[Stored records]
Definition cert_t7_t1_t12 : seq cert_step := [::
  Conj [:: Nlet 0];
  Insert [:: Nlet 1; Nlet 1; Nlet 1; Nlet 2; Nlet 1; Nlet 1; Nlet 2; Nlet 1; Nlet 1; Nlet 1] 0 false;
  Conj [:: Tlet 12];
  Conj [:: Tlet 1];
  Conj [:: Tlet 12];
  Conj [:: Tlet 1];
  Invert;
  Conj [:: Nlet 0; Nlet 0; Nlet 0; Nlet 2; Nlet 0; Nlet 0; Nlet 2; Nlet 0; Nlet 0];
  Conj [:: Tlet 1];
  Insert [:: Nlet 1; Nlet 1; Nlet 1; Nlet 1; Nlet 2; Nlet 1; Nlet 1; Nlet 1] 1 false;
  Conj [:: Tlet 8];
  Conj [:: Tlet 9];
  Conj [:: Tlet 1];
  Conj [:: Tlet 8];
  Conj [:: Tlet 7];
  Conj [:: Tlet 10];
  Conj [:: Nlet 0; Nlet 0; Nlet 0; Nlet 0; Nlet 2; Nlet 0; Nlet 0; Nlet 2; Nlet 0; Nlet 0; Nlet 0];
  Conj [:: Tlet 1];
  Insert [:: Nlet 2; Nlet 1; Nlet 1; Nlet 1; Nlet 1; Nlet 2; Nlet 1; Nlet 1; Nlet 2; Nlet 1] 0 false;
  Conj [:: Tlet 5];
  Conj [:: Tlet 2];
  Conj [:: Tlet 5];
  Invert;
  Conj [:: Nlet 0; Nlet 0; Nlet 0; Nlet 2; Nlet 0; Nlet 0; Nlet 0; Nlet 0; Nlet 2; Nlet 0; Nlet 0; Nlet 2];
  Conj [:: Tlet 1];
  Conj [:: Tlet 2];
  Conj [:: Tlet 1];
  Conj [:: Tlet 7];
  Conj [:: Tlet 10];
  Conj [:: Tlet 2];
  Conj [:: Tlet 1];
  Conj [:: Tlet 8];
  Conj [:: Tlet 14];
  Insert [:: Nlet 2; Nlet 1; Nlet 1; Nlet 2; Nlet 1; Nlet 1; Nlet 1; Nlet 1] 1 false;
  Conj [:: Tlet 9];
  Conj [:: Tlet 8];
  Conj [:: Tlet 1];
  Conj [:: Tlet 7];
  Conj [:: Tlet 10];
  Conj [:: Tlet 2];
  Conj [:: Tlet 1];
  Conj [:: Tlet 8];
  Conj [:: Nlet 2; Nlet 0; Nlet 0; Nlet 2; Nlet 0; Nlet 0; Nlet 2];
  Conj [:: Tlet 1];
  Conj [:: Tlet 2];
  Conj [:: Tlet 3];
  Insert [:: Nlet 1; Nlet 1; Nlet 2; Nlet 1; Nlet 1; Nlet 1; Nlet 2] 0 false;
  Conj [:: Nlet 0; Nlet 2; Nlet 0; Nlet 0; Nlet 0; Nlet 2; Nlet 0; Nlet 0];
  Conj [:: Tlet 1];
  Conj [:: Tlet 2];
  Conj [:: Tlet 1];
  Conj [:: Tlet 7];
  Conj [:: Tlet 10];
  Conj [:: Tlet 1];
  Conj [:: Tlet 8];
  Conj [:: Tlet 9];
  Conj [:: Tlet 3];
  Insert [:: Nlet 2; Nlet 1; Nlet 1; Nlet 1; Nlet 2; Nlet 1; Nlet 1; Nlet 2] 1 false;
  Conj [:: Tlet 9];
  Invert;
  Conj [:: Nlet 0; Nlet 0; Nlet 0; Nlet 0; Nlet 2; Nlet 0; Nlet 0];
  Insert [:: Nlet 2; Nlet 1; Nlet 2; Nlet 1] 0 false;
  Conj [:: Nlet 0; Nlet 0; Nlet 2; Nlet 0; Nlet 2];
  Conj [:: Tlet 1];
  Insert [:: Nlet 2] 0 false;
  Conj [:: Tlet 3];
  Invert;
  Conj [:: Nlet 0; Nlet 0; Nlet 0; Nlet 2; Nlet 0; Nlet 0; Nlet 2; Nlet 0; Nlet 0; Nlet 0];
  Conj [:: Tlet 1];
  Conj [:: Tlet 2];
  Conj [:: Tlet 1];
  Conj [:: Tlet 8];
  Conj [:: Tlet 9];
  Insert [:: Nlet 1; Nlet 1; Nlet 1; Nlet 1; Nlet 1; Nlet 2; Nlet 1] 1 false;
  Conj [:: Tlet 1];
  Conj [:: Nlet 0; Nlet 0; Nlet 0; Nlet 0; Nlet 0; Nlet 2; Nlet 0; Nlet 0];
  Insert [:: Nlet 2; Nlet 1; Nlet 2; Nlet 1] 0 false;
  Conj [:: Nlet 0; Nlet 0; Nlet 2; Nlet 0; Nlet 2];
  Insert [:: Nlet 2; Nlet 1; Nlet 1; Nlet 2; Nlet 1; Nlet 1; Nlet 1; Nlet 1] 1 false;
  Conj [::]].
Lemma card_Fclasses_cyclic : #|Fclasses_cyclic S hom| = #|cyclic_Gclasses G S|.
Proof.
have -> : Fclasses_cyclic S hom =
    (fun X => X :&: subgroups_of S) @: cyclic_Gclasses G S.
  apply/setP => Y; apply/imsetP/imsetP => [|[X]].
    case=> P /[!inE] /andP[/andP[gP sPS] cycP] ->.
    have XG : P :^: G \in Gclasses G S by apply/GclassesP; exists (Group gP).
    exists (P :^: G); last exact: (Fclass_eq (P := Group gP) sPS).
    by rewrite inE XG (cyclic_class_rep (H := Group gP) XG) ?conjugates_refl.
  move=> /[!inE] /andP[XG cycX] ->; have /GclassesP[P sPS XP] := XG.
  exists (gval P); last by rewrite (Fclass_eq sPS) XP.
  by rewrite !inE groupP sPS -(cyclic_class_rep XG) // XP conjugates_refl.
apply: card_in_imset => X Y /[!inE] /andP[XG _] /andP[YG _] eqXY.
have /GclassesP[P sPS XP] := XG.
have PX : gval P \in X by rewrite XP conjugates_refl.
have : gval P \in Y :&: subgroups_of S by rewrite -eqXY inE PX inE groupP.
by rewrite inE => /andP[PY _]; rewrite (Gclass_eq XG PX) (Gclass_eq YG PY).
Qed.

End Realization.

Local Open Scope group_scope.

Theorem theorem1p2 (gT : finGroupType) (p : nat) (S G : {group gT})
    (hom : {set gT} -> {set gT} -> pred {ffun gT -> gT}) :
  prime p -> p.-group S -> S \subset G ->
  saturated p S hom -> realizes G S hom ->
  \rank (dc_matrix G S) = #|Fclasses_cyclic S hom|.
Proof.
move=> _ _ sSG _ realG.
by rewrite rank_dc_matrix // (card_Fclasses_cyclic realG).
Qed.
Lemma take_last_inj (T : Type) (x : T) (s s' : seq T) n :
  size s = n.+1 -> size s' = n.+1 ->
  take n s = take n s' -> last x s = last x s' -> s = s'.
Proof.
case/lastP: s => [//|r y]; case/lastP: s' => [//|r' y'].
rewrite !size_rcons !last_rcons => -[<-] [sz'].
by rewrite -!cats1 take_size_cat // -sz' take_size_cat // => -> ->.
Qed.

Section FoolingSet.
Variables (V : finType) (E : rel V) (N : finType) (root leaf : N).
Variables (A : seq (bp_arc N (cnf_var E))) (c : nat) (SV : seq (cnf_var E)).
Variables (S1 : {set V}) (M : {set V * V}).
Hypothesis c_gt0 : 0 < c.
Hypothesis M_cross : crossing_matching E S1 M.
Hypothesis S1_lower :
  forall w w', index (inl w) SV <= index (inl w') SV -> w' \in S1 -> w \in S1.
Hypothesis split_paths : forall p, comp_path root leaf A p ->
  exists ps : seq (seq (bp_arc N (cnf_var E))),
    [/\ size ps = c, flatten ps = p &
        all (fun q => sorted ltn [seq index l.1 SV | l <- labels q]) ps].
Hypothesis A_computes : computes root leaf A (@CNF V E).

Let low (x : cnf_var E) := [exists w in S1, index x SV <= index (inl w : cnf_var E) SV].

Let low_lower x y : index x SV <= index y SV -> low y -> low x.
Proof.
move=> le_xy /existsP[w /andP[w_in le_yw]]; apply/existsP; exists w.
by rewrite w_in (leq_trans le_xy le_yw).
Qed.

Let low_inl w : low (inl w) = (w \in S1).
Proof.
apply/existsP/idP => [[w' /andP[w'_in le_ww']] | w_in]; first exact: S1_lower le_ww' w'_in.
by exists w; rewrite w_in leqnn.
Qed.
(* Consider the coded caching problem with a server holding $N=2$ files $A$ and $B$, each of $F$ bits, connected through an error-free shared broadcast link to $K\ge 2$ users, each having a cache of $MF$ bits, where $M=\frac{m}{K}$ for an integer $1\le m\le K-1$. For $L\in\{1,\dots,K-1\}$ let $j^*=\left\lceil m\left(1-\frac{L}{K}\right)\right\rceil$ and $$R_K(M,L)=1+\frac{\sum_{i=\max(0,m-L+1)}^{j^*-1}\binom{K-L}{i}\binom{L-1}{m-i}+\sum_{i=j^*}^{\min(m,K-L-1)}\binom{K-L-1}{i}\binom{L}{m-i}}{\binom{K}{m}},$$ and let $R_K(M)=\max_{0<L<K}R_K(M,L)$. Then, whenever $F$ is a multiple of $\binom{K}{m}$, there exist a placement strategy (each user stores a function of $(A,B)$ of at most $MF$ bits, chosen without knowledge of the demands) and a delivery strategy such that for every demand vector $(d_1,\dots,d_K)\in\{A,B\}^K$ the server broadcasts at most $R_K(M)\,F$ bits and every user $k$ can recover the file $d_k$ from its cache contents and the broadcast. In other words, the memory–rate pair $(M,R_K(M))$ is achievable (worst case over demands).
   Context: Coded caching setting: in a placement phase, before demands are known, each user's cache is filled with a function of the files of size at most $MF$ bits; in a delivery phase, each user $k$ requests one file $d_k\in\{A,B\}$, the server broadcasts a message (a function of the files and the demands) of at most $RF$ bits to all users, and each user must decode its requested file from the broadcast and its own cache. The pair $(M,R)$ is achievable if this is possible for all demand vectors. Binomial coefficients $\binom{a}{b}$ are $0$ when $b<0$ or $b>a$, and empty sums are $0$. *)

From mathcomp Require Import all_boot all_order all_algebra.
Set Implicit Arguments. Unset Strict Implicit. Unset Printing Implicit Defensive.
Import Order.TTheory GRing.Theory Num.Theory.

Definition file (F : nat) := {ffun 'I_F -> bool}.

(* Demand of a user: [false] = file A, [true] = file B. *)
Definition demand (K : nat) := 'I_K -> bool.

(* j* = ceil (m (1 - L/K)) = ceil (m (K - L) / K), for K > 0. *)
Definition jstar (K m L : nat) : nat := (m * (K - L) + K.-1) %/ K.

Definition RKL (K m L : nat) : rat :=
  1 + ((\sum_(m.+1 - L <= i < jstar K m L) 'C(K - L, i) * 'C(L - 1, m - i)
      + \sum_(jstar K m L <= i < (minn m (K - L - 1)).+1)
            'C(K - L - 1, i) * 'C(L, m - i))%N)%:R / ('C(K, m))%:R.

(* R_K(M) = max_{0 < L < K} R_K(M, L)  (all terms are >= 1, so 0 is a
   harmless identity for the max). *)
Definition RK (K m : nat) : rat :=
  \big[Num.max/0%R]_(1 <= L < K) RKL K m L.

(* (M, R) with M = m/K achievable for file size F: placement (caches as
   functions of (A,B), of at most M F bits), delivery (broadcast as a function
   of the demands and files, of at most R F bits), and decoding of d_k by user k
   from its cache and the broadcast (the demand vector is known to users). *)
Definition achievable (K F m : nat) (R : rat) : Prop :=
  exists (cache : 'I_K -> file F -> file F -> seq bool)
         (msg : demand K -> file F -> file F -> seq bool)
         (dec : 'I_K -> demand K -> seq bool -> seq bool -> file F),
    (forall k A B, (size (cache k A B) * K <= m * F)%N) /\
    (forall d A B, ((size (msg d A B))%:R <= R * F%:R :> rat)%R) /\
    (forall d A B k, dec k d (cache k A B) (msg d A B) = if d k then B else A).

(* Split each file into C(K,m) segments X_Z of F / C(K,m) bits, indexed by the
   m-subsets Z of users; user k caches the coded segments A_Z xor B_Z for all Z
   containing k, which is M F bits.  Let D be the set of users demanding A and
   L = K - |D|.  The server sends A_Z uncoded when |Z n D| < j* and B_Z
   otherwise, so user k misses its file exactly on the segments Z, not
   containing k, that lie on the wrong side of j*.  It recovers A_Z xor B_Z
   from the boundary sum of T = Z + k, the xor of A_(T-x) xor B_(T-x) over
   x in T, whose other terms it has cached.  The server only sends the boundary
   sums of the (m+1)-sets T through a fixed leader a0 of D with |T n D| > j*,
   and through a fixed leader b0 of its complement with |T n D| < j*: since the
   boundary of a boundary vanishes, the boundary sum of any other such T is the
   xor of those of the faces of T + a0 (resp. T + b0) other than T.  Counting
   these sets T gives the second term of R_K(M, L). *)

From mathcomp Require Import all_boot all_order all_algebra.
From mathcomp Require Import zify ring.

Set Implicit Arguments.
Unset Strict Implicit.
Unset Printing Implicit Defensive.

Import Order.TTheory GRing.Theory Num.Theory.

Lemma if_addb_inj (c a b a' b' : bool) :
  (if c then a else b) = (if c then a' else b') -> a (+) b = a' (+) b' ->
  a = a' /\ b = b'.
Proof. by case: c a b a' b' => [] [] [] [] []. Qed.

Section BoundarySums.
Variable T : finType.
Implicit Types (S : {set T}) (g : {set T} -> bool).

Lemma big_addb_symmetric_pairs S (h : T -> T -> bool) :
  (forall x y, h x y = h y x) ->
  \big[addb/false]_(x in S) \big[addb/false]_(y in S :\ x) h x y = false.
Proof.
move=> hC; pose H x y := [&& x \in S, y \in S, enum_rank y < enum_rank x & h x y].
transitivity (\big[addb/false]_x \big[addb/false]_y (H x y (+) H y x)); last first.
  rewrite (eq_bigr _ (fun x _ => big_split _ _ _ _ _)) big_split /=.
  by rewrite [X in _ (+) X]exchange_big addbb.
rewrite big_mkcond; apply: eq_bigr => x _; case: ifPn => xS; last first.
  by rewrite big1 // => y _; rewrite /H (negbTE xS) andbF.
rewrite big_mkcond; apply: eq_bigr => y _; rewrite /H in_setD1 xS [h y x]hC /=.
case: (ltngtP (enum_rank y) (enum_rank x)) => [ne|ne|/val_inj/enum_rank_inj->];
  rewrite ?eqxx ?andbF //=.
all: by rewrite (_ : y != x) ?addbF;
  [case: (y \in S) | apply: contraTneq ne => ->; rewrite ltnn].
Qed.

Definition bdry g S : bool := \big[addb/false]_(x in S) g (S :\ x).

Lemma bdry_bdry g S : \big[addb/false]_(x in S) bdry g (S :\ x) = false.
Proof.
apply: (@big_addb_symmetric_pairs S (fun x y => g (S :\ x :\ y))) => x y.
by congr g; apply/setP => z; rewrite !in_setD1 andbCA.
Qed.

Lemma big_addb_eq_term (I : finType) (S : {set I}) (a : I) (f1 f2 : I -> bool) :
  a \in S -> {in S :\ a, f1 =1 f2} ->
  \big[addb/false]_(x in S) f1 x = \big[addb/false]_(x in S) f2 x -> f1 a = f2 a.
Proof.
move=> aS f12; rewrite !(big_setD1 a aS) (eq_bigr f2) //.
by move/addIb.
Qed.
Lemma global_slope_le (u : X -> R) x (a : R) :
  (global_slope d (fun z => (u z)%:E) x <= a%:E)%E <->
  0 <= a /\ forall y, u x - u y <= a * d x y.
Proof.
rewrite global_slope_EFin; split=> [slope_le|[a_ge0 u_lip]].
  split=> [|y].
    by rewrite -lee_fin; apply: le_trans slope_le; apply: ereal_sup_ubound; left.
  have [->|yx] := pselect (y = x); first by rewrite subrr metric_xx mulr0.
  have dxy := metric_gt0 (not_eq_sym yx).
  have : ((Num.max (u x - u y) 0 / d x y)%:E <= a%:E)%E.
    by apply: le_trans slope_le; apply: ereal_sup_ubound; right; exists y.
  by rewrite lee_fin ler_pdivrMr // ge_max => /andP [].
apply: ge_ereal_sup => _ [->|[y yx ->]]; rewrite lee_fin //.
have dxy := metric_gt0 (not_eq_sym yx).
by rewrite ler_pdivrMr // ge_max u_lip mulr_ge0 ?metric_ge0.
Qed.

Lemma global_slope_gt (u : X -> R) x (a : R) : 0 <= a ->
  (a%:E < global_slope d (fun z => (u z)%:E) x)%E ->
  exists2 y, y <> x & a * d x y < u x - u y.
Proof.
move=> a_ge0; rewrite global_slope_EFin => /ereal_sup_gt [_ [->|[y yx ->]]].
  by rewrite lte_fin ltNge a_ge0.
have dxy := metric_gt0 (not_eq_sym yx).
rewrite lte_fin ltr_pdivlMr // lt_max => /orP [a_lt|]; first by exists y.
by rewrite ltNge mulr_ge0 ?metric_ge0.
Qed.

Section Equation.
Variables (lam : R) (l : X -> R).
Hypothesis lam_gt0 : 0 < lam.

(* [lam u + G[u] <= l] (with [u >= 0]) and [lam u + G[u] >= l] for finite [u], with the
   global slope unfolded; see [subsolutionP] and [solution_supersolution]. *)
Definition subsolution (u : X -> R) : Prop :=
  [/\ forall x, 0 <= u x, forall x, lam * u x <= l x &
      forall x y, u x - u y <= (l x - lam * u x) * d x y].

Definition supersolution (u : X -> R) : Prop :=
  forall x a, 0 <= a -> a < l x - lam * u x ->
  exists2 y, y <> x & a * d x y < u x - u y.
(* Let $G$ be a countable discrete amenable group and $(X,d)$ a compact metric space. Let $\sigma$ be the full $G$-shift on $X^G$, $\sigma^h((x_g)_{g\in G})=(x_{gh})_{g\in G}$, and equip $X^G$ with the metric $\boldsymbol d(x,y)=\sum_{g\in G}\alpha_g\,d(x_g,y_g)$, where $\alpha_g\in(0,\infty)$, $\alpha_{1_G}=1$ and $\sum_{g\in G}\alpha_g<\infty$. Assume the $G$-system $(X^G,\sigma)$ with metric $\boldsymbol d$ satisfies Condition (C). Then $$\overline{\mathrm{mdim}}_{\mathrm M}(X^G,G,\boldsymbol d)=\overline{\dim}_{\mathrm B}(X,d),\qquad\underline{\mathrm{mdim}}_{\mathrm M}(X^G,G,\boldsymbol d)=\underline{\dim}_{\mathrm B}(X,d).$$
   Context: Upper/lower Minkowski (box) dimension: $\overline{\dim}_{\mathrm B}(X,d)=\limsup_{\varepsilon\to0}\frac{\log N(\varepsilon)}{|\log\varepsilon|}$, $\underline{\dim}_{\mathrm B}(X,d)=\liminf_{\varepsilon\to0}\frac{\log N(\varepsilon)}{|\log\varepsilon|}$, where $N(\varepsilon)$ is the maximal cardinality of a subset of $X$ whose distinct points are at $d$-distance $>\varepsilon$. Metric mean dimension of a $G$-system $(Z,G)$ with metric $\rho$: with a Følner sequence $(F_n)$, $\rho_F(x,y)=\max_{g\in F}\rho(gx,gy)$ and $s_F(\rho,\varepsilon,Z)$ the maximal cardinality of a subset of $Z$ whose distinct points have $\rho_F$-distance $>\varepsilon$, $\overline{\mathrm{mdim}}_{\mathrm M}(Z,G,\rho)=\limsup_{\varepsilon\to0}\frac{1}{|\log\varepsilon|}\limsup_n\frac1{|F_n|}\log s_{F_n}(\rho,\varepsilon,Z)$ and $\underline{\mathrm{mdim}}_{\mathrm M}$ with $\liminf_{\varepsilon\to0}$ (independent of the Følner sequence). Condition (C) for a $G$-system $(Z,G)$ with metric $\rho$: let $E(Z,G)$ be the set of ergodic $G$-invariant Borel probability measures; for a finite measurable partition $\mathcal P$ let $\partial\mathcal P=\bigcup_{A\in\mathcal P}\partial A$, $\mathrm{diam}(\mathcal P)=\max_{A\in\mathcal P}\mathrm{diam}(A)$, $U_r(A)=\{x\in A:\exists y\in Z\setminus A,\ \rho(x,y)<r\}$, $U_r(\mathcal P)=\bigcup_{A\in\mathcal P}U_r(A)$; for $\mu\in E(Z,G)$ and $\gamma>0$ let $r_{\mu,\gamma}=\sup\{r>0:\exists$ finite measurable partition $\mathcal P$ with $\mu(\partial\mathcal P)=0$, $\mathrm{diam}(\mathcal P)<\gamma$, $\mu(U_r(\mathcal P))<\gamma\}$ and $r_\gamma=\inf_{\mu\in E(Z,G)}r_{\mu,\gamma}$. Condition (C) requires $r_\gamma>0$ for every $\gamma>0$ and $\lim_{\gamma\to0}\frac{\log r_\gamma}{\log\gamma}=1$. *)

From HB Require Import structures.
From mathcomp Require Import all_boot all_order all_algebra.
From mathcomp Require Import all_classical all_reals all_analysis.
Set Implicit Arguments. Unset Strict Implicit. Unset Printing Implicit Defensive.
Import Order.TTheory GRing.Theory Num.Theory.
Import numFieldNormedType.Exports.
Local Open Scope classical_set_scope.
Local Open Scope ring_scope.

Section MetricNotions.
Context {R : realType} {Z : Type} (rho : Z -> Z -> R).

Definition is_metric : Prop :=
  (forall x y, 0 <= rho x y) /\ (forall x y, rho x y = 0 <-> x = y) /\
  (forall x y, rho x y = rho y x) /\
  (forall x y z, rho x z <= rho x y + rho y z).

Definition dball (x : Z) (r : R) : set Z := [set y | rho x y < r].

Definition dopen : set (set Z) :=
  [set A | forall x, A x -> exists2 r, 0 < r & dball x r `<=` A].

Definition dcompact : Prop :=
  forall (I : Type) (U : I -> set Z), (forall i, dopen (U i)) ->
    \bigcup_i U i = setT ->
    exists n (f : 'I_n -> I), \bigcup_k U (f k) = setT.

Definition dclosure (A : set Z) : set Z :=
  [set x | forall r, 0 < r -> exists2 y, A y & rho x y < r].
Definition dinterior (A : set Z) : set Z :=
  [set x | exists2 r, 0 < r & dball x r `<=` A].
Definition dboundary (A : set Z) : set Z := dclosure A `\` dinterior A.
Theorem mainTheorem14 (L : pform -> Prop) (HL : intermediate_logic L)
  (Hwem : forall A : pform, L (POr (PNeg A) (PNeg (PNeg A))))
  (pi : derivation L) (D : form) (Hend : endf pi = FNeg D)
  (e : term) (He : critical_term pi e) :
  has_complete_elim_set pi e.
Proof.
  destruct He as [c [_ <-]].
  (* Arguments of critical formulas of other terms are harmless extra candidates. *)
  exists (crit_term c), (map crit_arg (crits pi)).
  destruct c as [x A t | x A t]; simpl.
  - apply (complete_elim_set_Eps HL Hwem pi D Hend).
    intros c Hc _; exact (in_map crit_arg _ _ Hc).
  - apply (complete_elim_set_Tau HL Hwem pi D Hend).
    intros c Hc _; exact (in_map crit_arg _ _ Hc).
Qed.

WHAT IS NEEDED
Starting with the line above that holds "Definition dclosure (A" and stopping with the line that holds "[set x | exists2", reproduce each line exactly, omitting all other lines.

SOLUTION
Definition dclosure (A : set Z) : set Z :=
  [set x | forall r, 0 < r -> exists2 y, A y & rho x y < r].
Definition dinterior (A : set Z) : set Z :=
  [set x | exists2 r, 0 < r & dball x r `<=` A].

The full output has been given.